▶ _AVAILABLE DATA_
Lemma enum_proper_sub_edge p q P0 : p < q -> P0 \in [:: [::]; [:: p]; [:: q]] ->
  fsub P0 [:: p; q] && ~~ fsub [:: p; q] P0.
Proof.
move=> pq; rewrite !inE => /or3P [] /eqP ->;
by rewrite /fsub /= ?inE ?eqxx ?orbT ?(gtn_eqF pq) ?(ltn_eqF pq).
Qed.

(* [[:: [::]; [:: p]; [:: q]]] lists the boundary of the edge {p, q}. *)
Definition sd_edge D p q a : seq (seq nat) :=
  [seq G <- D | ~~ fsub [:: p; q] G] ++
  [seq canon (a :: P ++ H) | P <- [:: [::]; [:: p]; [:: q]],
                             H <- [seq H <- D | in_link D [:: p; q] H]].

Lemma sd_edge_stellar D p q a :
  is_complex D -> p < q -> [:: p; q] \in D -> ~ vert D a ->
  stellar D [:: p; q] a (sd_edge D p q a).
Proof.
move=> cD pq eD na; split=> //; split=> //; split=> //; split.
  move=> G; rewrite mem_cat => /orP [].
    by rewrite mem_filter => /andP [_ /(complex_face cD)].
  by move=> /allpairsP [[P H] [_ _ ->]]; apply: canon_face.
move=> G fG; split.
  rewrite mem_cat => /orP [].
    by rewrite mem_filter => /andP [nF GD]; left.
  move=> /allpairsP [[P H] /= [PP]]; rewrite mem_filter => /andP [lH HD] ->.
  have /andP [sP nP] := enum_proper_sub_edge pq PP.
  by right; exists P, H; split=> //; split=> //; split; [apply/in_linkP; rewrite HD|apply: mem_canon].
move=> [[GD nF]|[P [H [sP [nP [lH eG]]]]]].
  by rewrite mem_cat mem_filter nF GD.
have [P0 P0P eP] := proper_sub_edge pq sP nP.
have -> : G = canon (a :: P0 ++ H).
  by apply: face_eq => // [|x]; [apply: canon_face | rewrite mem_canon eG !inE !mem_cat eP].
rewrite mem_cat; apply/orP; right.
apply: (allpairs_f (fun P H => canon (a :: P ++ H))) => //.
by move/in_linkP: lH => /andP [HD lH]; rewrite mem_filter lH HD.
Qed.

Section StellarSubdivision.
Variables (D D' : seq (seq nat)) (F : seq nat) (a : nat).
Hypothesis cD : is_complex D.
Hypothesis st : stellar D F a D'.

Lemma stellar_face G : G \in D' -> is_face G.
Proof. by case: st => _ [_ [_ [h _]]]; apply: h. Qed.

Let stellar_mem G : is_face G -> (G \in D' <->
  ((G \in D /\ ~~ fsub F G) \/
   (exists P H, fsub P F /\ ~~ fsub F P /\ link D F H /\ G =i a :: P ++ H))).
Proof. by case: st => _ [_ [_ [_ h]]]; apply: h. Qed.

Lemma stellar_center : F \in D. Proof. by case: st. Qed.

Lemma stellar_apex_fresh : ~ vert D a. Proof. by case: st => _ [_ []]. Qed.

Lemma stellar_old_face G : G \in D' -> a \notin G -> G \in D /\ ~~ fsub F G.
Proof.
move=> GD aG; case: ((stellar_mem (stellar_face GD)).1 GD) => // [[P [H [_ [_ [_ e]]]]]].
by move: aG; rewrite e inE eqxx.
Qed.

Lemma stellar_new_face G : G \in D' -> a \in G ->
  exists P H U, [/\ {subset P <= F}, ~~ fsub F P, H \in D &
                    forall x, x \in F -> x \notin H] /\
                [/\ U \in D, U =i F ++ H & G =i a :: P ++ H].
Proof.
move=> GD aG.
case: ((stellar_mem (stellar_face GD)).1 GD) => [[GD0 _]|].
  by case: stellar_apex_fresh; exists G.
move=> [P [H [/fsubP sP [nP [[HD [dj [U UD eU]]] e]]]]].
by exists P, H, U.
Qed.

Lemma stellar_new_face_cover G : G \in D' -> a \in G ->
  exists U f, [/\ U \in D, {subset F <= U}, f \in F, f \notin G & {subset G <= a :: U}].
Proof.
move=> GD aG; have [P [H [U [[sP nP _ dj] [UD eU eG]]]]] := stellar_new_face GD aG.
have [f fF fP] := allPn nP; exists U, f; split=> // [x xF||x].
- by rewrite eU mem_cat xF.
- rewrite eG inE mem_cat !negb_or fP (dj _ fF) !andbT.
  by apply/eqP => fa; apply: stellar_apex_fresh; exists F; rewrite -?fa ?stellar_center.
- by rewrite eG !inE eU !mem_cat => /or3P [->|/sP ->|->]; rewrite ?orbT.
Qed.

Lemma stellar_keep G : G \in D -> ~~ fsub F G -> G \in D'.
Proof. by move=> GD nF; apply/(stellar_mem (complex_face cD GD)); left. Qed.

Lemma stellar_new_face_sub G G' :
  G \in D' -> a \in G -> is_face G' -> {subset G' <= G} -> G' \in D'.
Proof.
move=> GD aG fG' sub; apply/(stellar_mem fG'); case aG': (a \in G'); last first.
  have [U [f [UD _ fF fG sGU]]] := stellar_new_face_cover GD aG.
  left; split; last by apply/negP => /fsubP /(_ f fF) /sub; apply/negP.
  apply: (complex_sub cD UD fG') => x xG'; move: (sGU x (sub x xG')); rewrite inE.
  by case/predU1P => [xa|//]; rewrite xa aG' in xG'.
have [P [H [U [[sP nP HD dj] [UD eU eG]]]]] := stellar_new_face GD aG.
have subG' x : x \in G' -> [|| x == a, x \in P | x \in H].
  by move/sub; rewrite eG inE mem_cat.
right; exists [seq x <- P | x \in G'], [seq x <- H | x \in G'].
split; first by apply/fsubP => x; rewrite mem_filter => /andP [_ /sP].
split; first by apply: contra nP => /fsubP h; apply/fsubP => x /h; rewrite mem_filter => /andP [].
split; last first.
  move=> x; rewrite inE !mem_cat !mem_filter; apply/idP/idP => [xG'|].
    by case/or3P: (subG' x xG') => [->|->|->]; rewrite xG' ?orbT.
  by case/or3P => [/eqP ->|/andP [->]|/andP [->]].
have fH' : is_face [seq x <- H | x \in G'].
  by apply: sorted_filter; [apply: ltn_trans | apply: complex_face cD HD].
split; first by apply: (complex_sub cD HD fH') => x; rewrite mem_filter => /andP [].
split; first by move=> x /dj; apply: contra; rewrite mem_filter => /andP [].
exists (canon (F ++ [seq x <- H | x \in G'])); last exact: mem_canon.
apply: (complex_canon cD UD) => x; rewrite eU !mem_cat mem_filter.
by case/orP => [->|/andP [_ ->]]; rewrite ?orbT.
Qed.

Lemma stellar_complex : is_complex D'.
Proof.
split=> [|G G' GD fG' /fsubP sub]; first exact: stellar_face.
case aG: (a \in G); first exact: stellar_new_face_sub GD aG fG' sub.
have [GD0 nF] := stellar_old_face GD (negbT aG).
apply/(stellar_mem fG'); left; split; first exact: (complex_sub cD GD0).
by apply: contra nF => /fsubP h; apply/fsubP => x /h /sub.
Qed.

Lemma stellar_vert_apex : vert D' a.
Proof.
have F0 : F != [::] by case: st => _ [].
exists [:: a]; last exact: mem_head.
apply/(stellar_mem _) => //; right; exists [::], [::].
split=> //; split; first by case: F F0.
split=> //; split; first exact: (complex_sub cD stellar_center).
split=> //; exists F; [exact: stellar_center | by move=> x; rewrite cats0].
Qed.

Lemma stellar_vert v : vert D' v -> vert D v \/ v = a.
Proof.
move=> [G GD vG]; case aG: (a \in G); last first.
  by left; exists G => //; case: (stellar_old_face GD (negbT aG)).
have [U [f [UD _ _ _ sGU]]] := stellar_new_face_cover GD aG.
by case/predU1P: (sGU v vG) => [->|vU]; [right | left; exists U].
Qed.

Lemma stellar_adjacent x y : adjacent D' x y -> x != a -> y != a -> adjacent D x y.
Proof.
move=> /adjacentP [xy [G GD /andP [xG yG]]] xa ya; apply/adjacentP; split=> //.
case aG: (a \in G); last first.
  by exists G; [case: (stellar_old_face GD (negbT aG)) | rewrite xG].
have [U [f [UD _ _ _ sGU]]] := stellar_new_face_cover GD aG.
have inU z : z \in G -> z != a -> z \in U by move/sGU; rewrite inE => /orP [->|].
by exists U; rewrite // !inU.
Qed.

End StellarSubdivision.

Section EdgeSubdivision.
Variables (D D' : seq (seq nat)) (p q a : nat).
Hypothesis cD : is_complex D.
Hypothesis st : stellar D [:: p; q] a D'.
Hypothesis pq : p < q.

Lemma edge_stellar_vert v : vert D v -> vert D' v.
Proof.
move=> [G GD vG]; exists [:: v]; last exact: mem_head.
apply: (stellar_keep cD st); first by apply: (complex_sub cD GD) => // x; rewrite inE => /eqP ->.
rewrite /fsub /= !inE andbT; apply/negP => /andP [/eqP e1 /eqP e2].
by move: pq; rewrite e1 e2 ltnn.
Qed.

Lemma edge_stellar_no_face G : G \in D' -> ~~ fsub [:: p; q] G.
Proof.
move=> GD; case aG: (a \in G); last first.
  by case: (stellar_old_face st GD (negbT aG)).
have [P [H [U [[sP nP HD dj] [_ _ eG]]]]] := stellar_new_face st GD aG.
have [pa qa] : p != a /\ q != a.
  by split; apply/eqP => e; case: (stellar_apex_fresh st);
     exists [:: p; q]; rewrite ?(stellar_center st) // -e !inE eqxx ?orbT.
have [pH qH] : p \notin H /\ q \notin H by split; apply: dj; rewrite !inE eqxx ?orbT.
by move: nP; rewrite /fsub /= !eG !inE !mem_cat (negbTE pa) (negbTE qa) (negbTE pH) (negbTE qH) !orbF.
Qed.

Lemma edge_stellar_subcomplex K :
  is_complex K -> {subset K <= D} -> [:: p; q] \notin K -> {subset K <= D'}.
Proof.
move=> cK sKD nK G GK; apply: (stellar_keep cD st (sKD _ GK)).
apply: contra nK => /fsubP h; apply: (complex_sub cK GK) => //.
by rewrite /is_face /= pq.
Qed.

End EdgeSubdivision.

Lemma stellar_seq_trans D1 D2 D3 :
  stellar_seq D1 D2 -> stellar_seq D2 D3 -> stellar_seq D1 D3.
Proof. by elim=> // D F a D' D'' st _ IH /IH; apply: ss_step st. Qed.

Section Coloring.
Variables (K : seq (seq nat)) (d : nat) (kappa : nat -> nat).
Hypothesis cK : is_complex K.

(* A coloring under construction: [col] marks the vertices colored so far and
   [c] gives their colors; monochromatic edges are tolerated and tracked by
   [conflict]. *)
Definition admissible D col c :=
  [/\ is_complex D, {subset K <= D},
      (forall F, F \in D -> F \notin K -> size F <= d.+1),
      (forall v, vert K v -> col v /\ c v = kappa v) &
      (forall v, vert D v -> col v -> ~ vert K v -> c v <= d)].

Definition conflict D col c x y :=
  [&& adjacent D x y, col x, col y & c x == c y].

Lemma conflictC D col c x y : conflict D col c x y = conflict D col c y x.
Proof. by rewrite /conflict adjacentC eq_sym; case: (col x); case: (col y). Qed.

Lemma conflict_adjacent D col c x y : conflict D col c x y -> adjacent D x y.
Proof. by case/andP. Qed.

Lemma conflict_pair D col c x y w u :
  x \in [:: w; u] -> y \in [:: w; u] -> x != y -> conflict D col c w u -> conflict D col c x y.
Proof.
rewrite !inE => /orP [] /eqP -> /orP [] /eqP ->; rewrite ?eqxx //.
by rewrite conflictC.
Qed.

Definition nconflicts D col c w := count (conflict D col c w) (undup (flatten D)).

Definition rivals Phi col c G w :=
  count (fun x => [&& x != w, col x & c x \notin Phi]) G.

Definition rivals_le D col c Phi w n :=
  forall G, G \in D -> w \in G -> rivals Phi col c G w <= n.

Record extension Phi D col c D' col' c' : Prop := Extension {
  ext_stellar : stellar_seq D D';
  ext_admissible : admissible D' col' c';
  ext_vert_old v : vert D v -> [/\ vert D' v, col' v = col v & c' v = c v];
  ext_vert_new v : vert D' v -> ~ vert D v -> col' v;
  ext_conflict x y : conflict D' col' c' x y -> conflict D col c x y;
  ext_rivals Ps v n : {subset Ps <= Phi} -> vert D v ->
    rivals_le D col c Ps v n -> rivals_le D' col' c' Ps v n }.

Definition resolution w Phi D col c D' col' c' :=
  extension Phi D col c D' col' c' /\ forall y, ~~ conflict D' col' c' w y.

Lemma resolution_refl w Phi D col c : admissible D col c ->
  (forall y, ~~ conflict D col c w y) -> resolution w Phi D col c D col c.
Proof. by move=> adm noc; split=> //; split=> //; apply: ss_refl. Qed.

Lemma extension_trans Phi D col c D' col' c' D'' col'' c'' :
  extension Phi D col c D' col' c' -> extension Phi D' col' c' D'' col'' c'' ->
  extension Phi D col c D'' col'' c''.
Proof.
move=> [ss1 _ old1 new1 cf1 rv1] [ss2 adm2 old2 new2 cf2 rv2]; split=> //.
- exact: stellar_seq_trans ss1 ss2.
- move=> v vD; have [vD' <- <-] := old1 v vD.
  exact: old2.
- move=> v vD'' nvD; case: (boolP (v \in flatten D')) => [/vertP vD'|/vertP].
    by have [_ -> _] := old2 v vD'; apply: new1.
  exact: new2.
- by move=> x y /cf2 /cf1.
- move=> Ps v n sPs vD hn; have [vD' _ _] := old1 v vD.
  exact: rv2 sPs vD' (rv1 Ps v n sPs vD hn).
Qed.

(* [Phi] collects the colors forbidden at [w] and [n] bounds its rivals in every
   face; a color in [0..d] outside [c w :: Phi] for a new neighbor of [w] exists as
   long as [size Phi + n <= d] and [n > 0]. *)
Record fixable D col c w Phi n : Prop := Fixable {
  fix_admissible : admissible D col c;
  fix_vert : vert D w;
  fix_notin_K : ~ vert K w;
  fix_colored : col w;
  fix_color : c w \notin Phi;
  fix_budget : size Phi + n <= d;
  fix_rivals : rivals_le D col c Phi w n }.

▶ _WHAT THE TASK ASKS_
Would you restate, word for word, every line of the listing from its first line through the line with "is_complex D ->"?

▶ _ANSWER_
Lemma enum_proper_sub_edge p q P0 : p < q -> P0 \in [:: [::]; [:: p]; [:: q]] ->
  fsub P0 [:: p; q] && ~~ fsub [:: p; q] P0.
Proof.
move=> pq; rewrite !inE => /or3P [] /eqP ->;
by rewrite /fsub /= ?inE ?eqxx ?orbT ?(gtn_eqF pq) ?(ltn_eqF pq).
Qed.

(* [[:: [::]; [:: p]; [:: q]]] lists the boundary of the edge {p, q}. *)
Definition sd_edge D p q a : seq (seq nat) :=
  [seq G <- D | ~~ fsub [:: p; q] G] ++
  [seq canon (a :: P ++ H) | P <- [:: [::]; [:: p]; [:: q]],
                             H <- [seq H <- D | in_link D [:: p; q] H]].

Lemma sd_edge_stellar D p q a :
  is_complex D -> p < q -> [:: p; q] \in D -> ~ vert D a ->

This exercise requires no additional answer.